Balancing regeneration and cancer

The proliferation of cells must balance the longevity assured by tissue renewal against the risk of developing cancer. The tumour-suppressor protein p16INK4a seems to act at the pivot of this delicate equilibrium.

Tissue repair and regeneration are essential for longevity in complex animals, and often depend on the proliferation of unspecialized cells known as stem or progenitor cells. In many tissues, the regenerative capacity of such cells declines with age, and it is thought that this decline drives many age-related symptoms1. But stem/progenitor-cell proliferation is a double-edged sword. Although it ensures tissue repair and regeneration, it also puts tissues at risk of hyperproliferative diseases, the most deadly of which is cancer. This risk is mitigated by tumour-suppressor mechanisms, which either eliminate potential cancer cells by programmed cell death (apoptosis) or prevent their proliferation, often by permanently halting the cell division cycle (senescence). Therefore, the benefits to longevity afforded by stem/progenitor-cell proliferation might be compromised by mechanisms that prevent life-threatening cancer2. Three papersFootnote 1 in this issue now find that this is indeed the case3,4,5.
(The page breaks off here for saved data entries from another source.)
(* Let $n=6k$ with $k\geq 2$ an integer, and let $\mathcal{T}_n$ be the latin square defined below. Then $\mathcal{T}_n$ has a transversal, and every suitable diagonal of $\mathcal{T}_n$ contains the $k$ entries $$(1,0,3),\ (2,1,4),\ \text{and}\ (3j+2,\ n-6j,\ n-3j+3)\ \text{for } j=1,\dots,k-2,$$ i.e. the entries $(1,0,3),(2,1,4),(5,n-6,0),(8,n-12,n-3),\ldots,(3k-4,12,3k+9)$ (all coordinates read modulo $n$).
   Context: Rows, columns and symbols are indexed by $\mathbb{Z}_n=\{0,1,\dots,n-1\}$; all arithmetic on symbols is modulo $n$, and congruence conditions on $a,b$ modulo $2$ or $3$ refer to the representatives in $\{0,\dots,n-1\}$. A latin square is viewed as its set of entries $(r,c,s)$ (symbol $s$ in row $r$, column $c$). For $n=6k$, $k\ge2$, the latin square $\mathcal{T}_n$ is defined by $\mathcal{T}_n[a,b]=$ $a+b+2$ if $(a,b)\in\{(0,2),(1,0)\}$; $a+b+1$ if $(a,b)\in\{(0,1),(2,1)\}$; $a+b-1$ if $(a,b)\in\{(1,1),(1,2),(2,2),(3,1)\}$; $a+b-2$ if $(a,b)=(3,0)$; $a+b+3$ if $b>1$, $b\equiv1\pmod 3$ and $a=0$; $a+b-3$ if $b>1$, $b\equiv 1\pmod 3$ and $a=3$; $a+b-2$ if $4\le a\le 3k-3$, $a\equiv0\pmod3$ and $b\equiv 0\pmod 2$; $a+b+2$ if $4\le a\le 3k-3$, $a\equiv1\pmod3$, $b\equiv0\pmod2$ and $b\ne n-2a+2$; $a+b+1$ if $4\le a\le 3k-3$, $a\equiv1\pmod3$ and $b\in\{n-2a+3,n-2a+2\}$; $a+b+1$ if $4\le a\le 3k-3$, $a\equiv 2\pmod3$ and $b=n-2a+4$; $a+b-1$ if $4\le a\le 3k-3$, $a\equiv2\pmod 3$ and $b=n-2a+5$; $a+b$ otherwise. A transversal is a set of $n$ entries containing each row, column and symbol exactly once. For an entry $(r,c,s)$, $\Delta(r,c,s)$ is the unique integer with $\Delta(r,c,s)\equiv s-r-c\pmod n$ and $-n/2<\Delta(r,c,s)\le n/2$. A suitable diagonal is a set of $n$ entries, no two sharing a row or a column, whose $\Delta$-values sum to something congruent to $n/2$ modulo $n$. *)

From mathcomp Require Import all_boot all_order all_algebra.
Set Implicit Arguments. Unset Strict Implicit. Unset Printing Implicit Defensive.
Import Order.TTheory GRing.Theory Num.Theory.
From mathcomp Require Import ssrint intdiv.
Local Open Scope ring_scope.
Local Open Scope nat_scope.

Definition entry (k : nat) : finType := ('I_(6*k) * 'I_(6*k) * 'I_(6*k))%type.

(* The offset T_n[a,b] - (a+b), following the case list in order
   (first matching case applies, last case "otherwise" gives 0). *)
Definition Toff (k a b : nat) : int :=
  let n := 6 * k in
  let mid := (4 <= a) && (a <= 3 * k - 3) in
  if ((a == 0) && (b == 2)) || ((a == 1) && (b == 0)) then 2%:Z
  else if ((a == 0) && (b == 1)) || ((a == 2) && (b == 1)) then 1%:Z
  else if [|| (a == 1) && (b == 1), (a == 1) && (b == 2),
              (a == 2) && (b == 2) | (a == 3) && (b == 1)] then (-1)%R
  else if (a == 3) && (b == 0) then (-2)%R
  else if [&& 1 < b, b %% 3 == 1 & a == 0] then 3%:Z
  else if [&& 1 < b, b %% 3 == 1 & a == 3] then (-3)%R
  else if [&& mid, a %% 3 == 0 & ~~ odd b] then (-2)%R
  else if [&& mid, a %% 3 == 1, ~~ odd b & b != n - 2 * a + 2] then 2%:Z
  else if [&& mid, a %% 3 == 1 & (b == n - 2 * a + 3) || (b == n - 2 * a + 2)] then 1%:Z
  else if [&& mid, a %% 3 == 2 & b == n - 2 * a + 4] then 1%:Z
  else if [&& mid, a %% 3 == 2 & b == n - 2 * a + 5] then (-1)%R
  else 0%:Z.

Definition Tval (k a b : nat) : nat :=
  `|(((a + b)%:Z + Toff k a b) %% (6 * k)%:Z)%Z|%N.

(* The latin square T_n as its set of entries (r, c, s). *)
Definition Tsq (k : nat) : {set entry k} :=
  [set e : entry k | nat_of_ord e.2 == Tval k e.1.1 e.1.2].

Definition latin_transversal (k : nat) (X : {set entry k}) : Prop :=
  [/\ X \subset Tsq k, #|X| = 6 * k,
      forall r : 'I_(6*k), #|[set e in X | e.1.1 == r]| = 1,
      forall c : 'I_(6*k), #|[set e in X | e.1.2 == c]| = 1 &
      forall s : 'I_(6*k), #|[set e in X | e.2 == s]| = 1].

(* Delta(r,c,s): the representative of s-r-c mod n in (-n/2, n/2]. *)
Definition Delta (k : nat) (e : entry k) : int :=
  let n := 6 * k in
  let m := (nat_of_ord e.2 + 2 * n - e.1.1 - e.1.2) %% n in
  if m <= n./2 then m%:Z else (m%:Z - n%:Z)%R.

Definition suitable_diagonal (k : nat) (D : {set entry k}) : Prop :=
  [/\ D \subset Tsq k, #|D| = 6 * k,
      {in D &, forall e f : entry k, e != f ->
          (e.1.1 != f.1.1) && (e.1.2 != f.1.2)} &
      ((\sum_(e in D) Delta e)%R = (6 * k)./2 %[mod (6 * k)%:Z])%Z].

Definition has_entry (k : nat) (D : {set entry k}) (r c s : nat) : bool :=
  [exists e in D, [&& nat_of_ord e.1.1 == r %% (6 * k),
                      nat_of_ord e.1.2 == c %% (6 * k) &
                      nat_of_ord e.2 == s %% (6 * k)]].

From mathcomp Require Import all_boot all_order all_algebra zify.
Import GRing.Theory Num.Theory.
Local Open Scope nat_scope.

(* Every offset Toff lies in [-3, 3], so it is the Delta of its entry as soon as n >= 12.
   In row a the offset ranges over [-min_off a, max_off a], and these bounds add up over
   all rows to -(3k - 1) and 3k = n/2.  The Delta-sum of a suitable diagonal is therefore an
   integer in (-n/2, n/2] congruent to n/2 modulo n, i.e. n/2 itself, which forces every
   entry of the diagonal to realise the maximal offset of its row.  In rows 1, 2 and 3j + 2
   that maximum occurs in a single column.  A transversal is obtained by picking a
   maximal-offset entry in every row along the column permutation tcol; the symbols of
   these entries turn out to be distinct as well. *)

Lemma eqz_mod_near (n : nat) (x y : int) :
  (`|x - y| < n%:Z)%R -> (x == y %[mod n])%Z -> x = y.
Proof.
rewrite eqz_mod_dvd => lt_xy /dvdzP [q def_q].
move: lt_xy; rewrite def_q normrM; case: (q =P 0%R) => [q0 _ | /eqP q_neq0].
  by apply/eqP; rewrite -subr_eq0 def_q q0 mul0r.
have : (0 < `|q|)%R by rewrite normr_gt0.
nia.
Qed.

Lemma centered_mod_eq (n r c : nat) (t : int) : r < n -> c < n -> ~~ odd n ->
  (- Posz n./2 < t <= Posz n./2)%R ->
  let m := (`|((Posz (r + c) + t) %% n)%Z|%N + 2 * n - r - c) %% n in
  (if m <= n./2 then Posz m else (Posz m - Posz n)%R) = t.
Proof.
move=> lt_rn lt_cn even_n t_win m.
have lt_mn : m < n by rewrite ltn_mod; lia.
have m_mod : (Posz m == t %[mod n])%Z.
  rewrite /m -modz_nat; set s := `|_|%N.
  have def_s : Posz s = ((Posz (r + c) + t) %% n)%Z.
    by rewrite /s gez0_abs // modz_ge0 //; lia.
  have -> : Posz (s + 2 * n - r - c) = (Posz s + (2%:Z * Posz n - Posz (r + c)))%R by lia.
  rewrite def_s modzDml.
  have -> : (Posz (r + c) + t + (2%:Z * n - Posz (r + c)) = 2%:Z * n + t)%R by lia.
  by rewrite modzMDl modz_mod.
clearbody m; apply: (@eqz_mod_near n); first by case: ifP => m_half; lia.
case: ifP => _ //.
have -> : (Posz m - Posz n = -1 * Posz n + Posz m)%R by lia.
by rewrite modzMDl.
Qed.

Lemma sum_blocks3 (F : nat -> nat) (m p c : nat) :
  (forall j, j < p -> F (m + 3 * j) + F (m + 3 * j).+1 + F (m + 3 * j).+2 = c) ->
  \sum_(m <= i < m + 3 * p) F i = c * p.
Proof.
elim: p => [|p IHp] blocks; first by rewrite big_geq ?muln0 // addn0.
rewrite (big_cat_nat _ (n := m + 3 * p)) ?IHp //=; try lia; last first.
  by move=> j lt_jp; apply: blocks; lia.
have -> : m + 3 * p.+1 = (m + 3 * p).+3 by lia.
rewrite 3?big_ltn ?big_geq ?addn0; try lia.
by rewrite mulnS; have := blocks p (ltnSn p); lia.
Qed.

Lemma card_fiber_imset (I T : finType) (f : I -> T) (p : T -> I) :
  injective (p \o f) -> forall i, #|[set x in f @: setT | p x == i]| = 1.
Proof.
move=> pf_inj i; have [g pfK gK] := injF_bij pf_inj.
rewrite (_ : [set x in _ | _] = [set f (g i)]) ?cards1 //.
apply/setP => x; rewrite !inE; apply/andP/eqP => [[/imsetP [j _ ->] /eqP <-] | ->].
  by rewrite -[j in LHS]pfK.
by split; [apply: imset_f | rewrite -[p _]/((p \o f) _) gK].
Qed.

Ltac decide_ifs := repeat (match goal with |- context [if ?b then _ else _] =>
  first [ rewrite (_ : b = true); [|lia] | rewrite (_ : b = false); [|lia] | case: ifP => ? ]
  end; cbv beta iota).

Section SquareT.
Variables (k : nat) (k_ge2 : 2 <= k).

Definition max_off (a : nat) : nat :=
  if a == 0 then 3 else if a == 1 then 2 else if a == 2 then 1 else if a == 3 then 0
  else if a <= 3*k-3 then (if a %% 3 == 1 then 2 else if a %% 3 == 2 then 1 else 0) else 0.

Definition min_off (a : nat) : nat :=
  if a == 0 then 0 else if a == 1 then 1 else if a == 2 then 1 else if a == 3 then 3
  else if a <= 3*k-3 then (if a %% 3 == 0 then 2 else if a %% 3 == 2 then 1 else 0) else 0.

Lemma Toff_bounds a b : (- Posz (min_off a) <= Toff k a b <= Posz (max_off a))%R.
Proof.
by rewrite /max_off /min_off; repeat case: ifP => ?; rewrite /Toff /=; decide_ifs; lia.
Qed.

Lemma Toff_small a b : (-3 <= Toff k a b <= 3)%R.
Proof. by rewrite /Toff /=; repeat case: ifP => ?; lia. Qed.

Lemma Delta_Tsq (e : entry k) : e \in Tsq k -> Delta e = Toff k e.1.1 e.1.2.
Proof.
rewrite inE => /eqP Te; rewrite /Delta Te /Tval.
have small := Toff_small e.1.1 e.1.2.
by apply: centered_mod_eq; rewrite ?ltn_ord //; lia.
Qed.

Lemma sum_rows_low (F : nat -> nat) : (forall r, 3*k-3 < r -> F r = 0) ->
  \sum_(r < 6*k) F r = F 0 + F 1 + F 2 + F 3 + \sum_(4 <= r < 4 + 3*(k-2)) F r.
Proof.
move=> F_high; rewrite -(big_mkord xpredT F) (big_cat_nat _ (n := 4 + 3*(k-2))) //=; try lia.
have -> : \sum_(4 + 3*(k-2) <= r < 6*k) F r = 0.
  by rewrite big_nat_cond big1 // => r /andP [/andP [lt_r _] _]; apply: F_high; lia.
rewrite addn0 (big_cat_nat _ (n := 4)) //=; try lia.
by have -> : \sum_(0 <= r < 4) F r = F 0 + F 1 + F 2 + F 3 by rewrite !big_nat_recr //= big_geq.
Qed.

Lemma sum_max_off : \sum_(r < 6*k) max_off r = 3*k.
Proof.
rewrite sum_rows_low ?(@sum_blocks3 _ _ _ 3).
- by rewrite /max_off /=; lia.
- by move=> j lt_j; rewrite /max_off; decide_ifs.
- by move=> r lt_r; rewrite /max_off; decide_ifs.
Qed.

Lemma sum_min_off : \sum_(r < 6*k) min_off r = 3*k - 1.
Proof.
rewrite sum_rows_low ?(@sum_blocks3 _ _ _ 3).
- by rewrite /min_off /=; lia.
- by move=> j lt_j; rewrite /min_off; decide_ifs.
- by move=> r lt_r; rewrite /min_off; decide_ifs.
Qed.

Definition single_max_row (a : nat) : bool :=
  (a == 1) || (a == 2) || (4 <= a <= 3*k-3) && (a %% 3 == 2).

Definition max_col (a : nat) : nat :=
  if a == 1 then 0 else if a == 2 then 1 else 6*k - 2*a + 4.

Lemma Toff_eq_max_off a (b : 'I_(6*k)) : single_max_row a ->
  Toff k a b = Posz (max_off a) -> nat_of_ord b = max_col a.
Proof.
have lt_b := ltn_ord b; move=> /orP [/orP [] /eqP -> | /andP [a_mid a_mod]].
- by rewrite /max_off /max_col /Toff /=; decide_ifs; lia.
- by rewrite /max_off /max_col /Toff /=; decide_ifs; lia.
- by rewrite /max_off /max_col; decide_ifs; rewrite /Toff /=; decide_ifs; lia.
Qed.

Section Transversal.

Definition tcol (a : nat) : nat :=
  if a == 0 then 4 else if a == 1 then 0 else if a == 2 then 1 else if a == 3 then 2
  else if a <= 3*k-3 then (if a %% 3 == 0 then 6*k - 2*a + 7 else 6*k - 2*a + 4)
  else if a == 3*k-2 then 6 else if a == 3*k-1 then 9 else if a == 3*k then 7
  else if a == 3*k+1 then 5 else if a == 3*k+2 then 3
  else if a <= 6*k-4 then (if a %% 3 == 2 then 2*(6*k-a)+8 else 2*(6*k-a)+5)
  else if a == 6*k-3 then 11 else if a == 6*k-2 then 8 else 10.

Definition tcol_inv (c : nat) : nat :=
  if c == 0 then 1 else if c == 1 then 2 else if c == 2 then 3 else if c == 3 then 3*k+2
  else if c == 4 then 0 else if c == 5 then 3*k+1 else if c == 6 then 3*k-2
  else if c == 7 then 3*k else if c == 8 then 6*k-2 else if c == 9 then 3*k-1
  else if c == 10 then 6*k-1 else if c == 11 then 6*k-3
  else if (c %% 6 == 0) || (c %% 6 == 2) then (6*k - c + 4) %/ 2
  else if c %% 6 == 1 then (6*k-c+7) %/ 2
  else if c %% 6 == 4 then 6*k - (c-8) %/ 2
  else 6*k - (c-5) %/ 2.

(* The symbol a + tcol a + max_off a chosen in row a, taken in [3, n + 3) rather than in
   [0, n) so that it is piecewise affine in a. *)
Definition tsym (a : nat) : nat :=
  if a == 0 then 7 else if a == 1 then 3 else if a == 2 then 4 else if a == 3 then 5
  else if a <= 3*k-3 then
    (if a %% 3 == 0 then 6*k-a+7 else if a %% 3 == 1 then 6*k-a+6 else 6*k-a+5)
  else if a == 3*k-2 then 3*k+4 else if a == 3*k-1 then 3*k+8 else if a == 3*k then 3*k+7
  else if a == 3*k+1 then 3*k+6 else if a == 3*k+2 then 3*k+5
  else if a <= 6*k-4 then (if a %% 3 == 2 then 6*k-a+8 else 6*k-a+5)
  else if a == 6*k-3 then 8 else if a == 6*k-2 then 6 else 9.

Definition tsym_inv (s : nat) : nat :=
  if s == 3 then 1 else if s == 4 then 2 else if s == 5 then 3 else if s == 6 then 6*k-2
  else if s == 7 then 0 else if s == 8 then 6*k-3 else if s == 9 then 6*k-1
  else if s <= 3*k+3 then (if s %% 3 == 0 then 6*k+8-s else 6*k+5-s)
  else if s == 3*k+4 then 3*k-2 else if s == 3*k+5 then 3*k+2 else if s == 3*k+6 then 3*k+1
  else if s == 3*k+7 then 3*k else if s == 3*k+8 then 3*k-1
  else if s %% 3 == 2 then 6*k+6-s else if s %% 3 == 0 then 6*k+5-s else 6*k+7-s.

Variable a : 'I_(6*k).

Lemma tcol_lt : tcol a < 6*k.
Proof. by have lt_a := ltn_ord a; rewrite /tcol; repeat case: ifP => ?; lia. Qed.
In mammals, the p16INK4a protein inhibits cell-cycle progression and induces cellular senescence6, and its expression rises with age in many tissues, as does the accumulation of dysfunctional senescent cells7,8. Janzen et al.3 (page 421) find that p16INK4a levels increase with age in mouse 'haematopoietic' stem cells (HSCs) derived from the bone marrow. Other bone-marrow cells did not express p16INK4a in an age-dependent manner, so p16INK4a is a bio-marker of ageing HSCs in the bone marrow.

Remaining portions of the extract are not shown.